Put briefly, CoT “buys compute by paying generality and interpretability”, and recurrent depth “buys compute efficiency by selling generality and interpretability”, a symmetric exchange. The choice is not decided by a head-to-head cost comparison, but by whether the deployment target tolerates that trade-off. This is the most practical axis when thinking about which to use.
On the CoT side, research on varying the inference budget per problem has begun with Chen et al.’s (Chen et al. 2024) adaptive optimization of the number of LM calls and Snell et al.’s (Snell et al. 2024) compute-optimal selection. On the recurrent depth side, the Q-head of HRM (Adaptive Computation Time, ACT) plays the same role, but a unified theory of adaptive allocation that handles the two lines together does not yet exist at the time of writing (May 2026). A framework that treats the three-axis Pareto of width x depth x token length is an important future research topic.
Chapter Summary
The points of this chapter are summarized as follows.
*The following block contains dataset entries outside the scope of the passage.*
(* Let $\langle B,\wedge,{}'\rangle$ be an algebra with $\wedge$ binary and ${}'$ unary satisfying $x\wedge y\approx y\wedge x$, $x\wedge(y\wedge z)\approx(x\wedge y)\wedge z$, $x''\approx x$, and $x'\approx (x\wedge y)'\wedge(x\wedge y')'$. Then for all $x,y\in B$: $x\wedge(x\wedge y')'=y\wedge(y\wedge x')'$. *)

(* The elements [z ∧ z'] all coincide: expanding [z'] and [z] by the axiom with
   respect to [w] yields the same four factors as expanding [w'] and [w] with
   respect to [z].  Calling this element 0 and its complement 1, the axiom gives
   the bounded-semilattice laws [w ∧ 1 = w], [w ∧ w = w] and [w ∧ 0 = 0].  Then
   [t := x ∧ (x ∧ y')'] satisfies [t ∧ y' = 0], so the axiom at [(t, y)] gives
   [t = t ∧ y], and the axiom at [(x ∧ y, x ∧ y')] gives [x ∧ y = t ∧ y]; hence
   [x ∧ (x ∧ y')' = x ∧ y], which is symmetric in [x] and [y]. *)

Set Implicit Arguments.
Unset Strict Implicit.

Section MeetComplementAlgebra.

Variables (B : Type) (meet : B -> B -> B) (c : B -> B).
Hypothesis comm : forall x y, meet x y = meet y x.
Hypothesis assoc : forall x y z, meet x (meet y z) = meet (meet x y) z.
Hypothesis invol : forall x, c (c x) = x.
Hypothesis ax : forall x y, c x = meet (c (meet x y)) (c (meet x (c y))).

Lemma compl_inj x y : c x = c y -> x = y.
Proof. intro H. rewrite <- (invol x), H. apply invol. Qed.

Lemma meet_left_comm x y z : meet x (meet y z) = meet y (meet x z).
Proof. rewrite assoc, (comm x y), <- assoc. reflexivity. Qed.

Lemma meet_swap_ends a b d e :
  meet (meet a b) (meet d e) = meet (meet e b) (meet d a).
Proof.
  rewrite <- !assoc, (meet_left_comm a b), (meet_left_comm a d),
    (meet_left_comm e b), (meet_left_comm e d), (comm a e).
  reflexivity.
Qed.

Lemma meet_compl_const z w : meet z (c z) = meet w (c w).
Proof.
  assert (expand : forall u v, meet u (c u) =
    meet (meet (c (meet (c u) v)) (c (meet (c u) (c v))))
         (meet (c (meet u v)) (c (meet u (c v))))).
  { intros u v. rewrite <- (ax u v), <- (ax (c u) v), invol. reflexivity. }
  rewrite (expand z w), (expand w z).
  rewrite (comm (c w) z), (comm (c w) (c z)), (comm w z), (comm w (c z)).
  apply meet_swap_ends.
Qed.

Section Bottom.

Variable zero : B.
Hypothesis meet_compl : forall z, meet z (c z) = zero.

Lemma meet1x0 : meet (c zero) zero = zero.
Proof. rewrite comm. apply meet_compl. Qed.

Lemma meet11 : meet (c zero) (c zero) = c zero.
Proof.
  set (e := meet (c zero) (c zero)).
  assert (zero_eq : zero = meet (c e) (c zero)).
  { pose proof (ax (c zero) (c zero)) as H.
    rewrite invol, meet1x0 in H. exact H. }
  assert (e_eq : e = meet (c zero) (c (meet (c e) zero))).
  { pose proof (ax (c e) (c zero)) as H.
    rewrite !invol, <- zero_eq in H. exact H. }
  assert (meet0e : meet zero e = zero).
  { unfold e. rewrite assoc, (comm zero), meet1x0, comm. apply meet1x0. }
  assert (one_eq : c zero = meet (c (meet zero (c e))) (c zero)).
  { pose proof (ax zero (c e)) as H.
    rewrite invol, meet0e in H. exact H. }
  rewrite e_eq, (comm (c e)), comm. symmetry. exact one_eq.
Qed.

Lemma meetx1 w : meet w (c zero) = w.
Proof.
  apply compl_inj.
  rewrite (ax (meet w (c zero)) (c zero)), invol, <- !assoc, meet11, meet1x0.
  rewrite (ax w (c zero)), invol.
  reflexivity.
Qed.

Lemma meetxx w : meet w w = w.
Proof.
  apply compl_inj.
  pose proof (ax w w) as H.
  rewrite meet_compl, meetx1 in H. symmetry. exact H.
Qed.

Lemma meetx0 w : meet w zero = zero.
Proof. rewrite <- (meet_compl w), assoc, meetxx. reflexivity. Qed.

End Bottom.

Lemma meet_cmeet_c x y : meet x (c (meet x (c y))) = meet x y.
Proof.
  set (zero := meet x (c x)).
  assert (meet_compl : forall z, meet z (c z) = zero).
  { intro z. apply meet_compl_const. }
  set (t := meet x (c (meet x (c y)))).
  assert (t_eq : t = meet t y).
  { apply compl_inj.
    rewrite (ax t y).
    replace (meet t (c y)) with zero.
    - apply meetx1, meet_compl.
    - unfold t. rewrite <- assoc, (comm _ (c y)), assoc. symmetry. apply meet_compl. }
  assert (meet_eq : meet x y = meet t y).
  { apply compl_inj.
    rewrite (ax (meet x y) (meet x (c y))).
    replace (meet (meet x y) (meet x (c y))) with zero.
    - rewrite comm, (meetx1 meet_compl).
      unfold t. rewrite <- !assoc, (comm y). reflexivity.
    - rewrite <- !assoc, (assoc y), (comm y), <- (assoc x y), meet_compl,
        assoc, (meetxx meet_compl).
      symmetry. apply (meetx0 meet_compl). }
  rewrite meet_eq. exact t_eq.
Qed.

End MeetComplementAlgebra.

Theorem lemma2p3 (B : Type) (meet : B -> B -> B) (c : B -> B)
  (comm : forall x y, meet x y = meet y x)
  (assoc : forall x y z, meet x (meet y z) = meet (meet x y) z)
  (invol : forall x, c (c x) = x)
  (ax : forall x y, c x = meet (c (meet x y)) (c (meet x (c y)))) :
  forall x y : B, meet x (c (meet x (c y))) = meet y (c (meet y (c x))).
Proof.
  intros x y.
  rewrite !(meet_cmeet_c comm assoc invol ax).
  apply comm.
Qed.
- Two paradigms: Sequential token scaling via CoT and recurrent depth scaling via HRM/TRM/GRAM/Geiping are two lines that differ in the medium through which test-time compute is paid (external token tape vs internal hidden tape).
- Theoretical equivalence: As means of extending depth at test time, the two can have equivalent computational power. The difference lies in the cost structure of the medium, especially in the per-step information bandwidth (\(\log_2 |\mathcal V|\) bits vs \(\mathbb R^d\)).
- Empirical trade-off: CoT gains generality, interpretability, and verifier integration, but collapses bandwidth to vocabulary size; recurrent depth preserves bandwidth, but loses generality, interpretability, and verifier integration.
- Position of HRM/TRM/GRAM: Nominally (B), but the outer refinement of HRM and the parallel trajectories of GRAM can be read as structures that translate Best-of-K / SC on the CoT side into the latent space. The “depth x width” axis is a design dimension shared by both paradigms.
- Coconut as a bridge: Coconut (Hao et al. 2025) is the first line that, by passing the hidden state directly to the next step without softmax, enables continuous interpolation between CoT and recurrent depth. It sits at the center of the design space that integrates the two.
- Use cases: The choice of paradigm should be based not on cost superiority but on whether the deployment target requires interpretability and generality, or efficiency and low latency. A unified framework including adaptive allocation is a future research topic.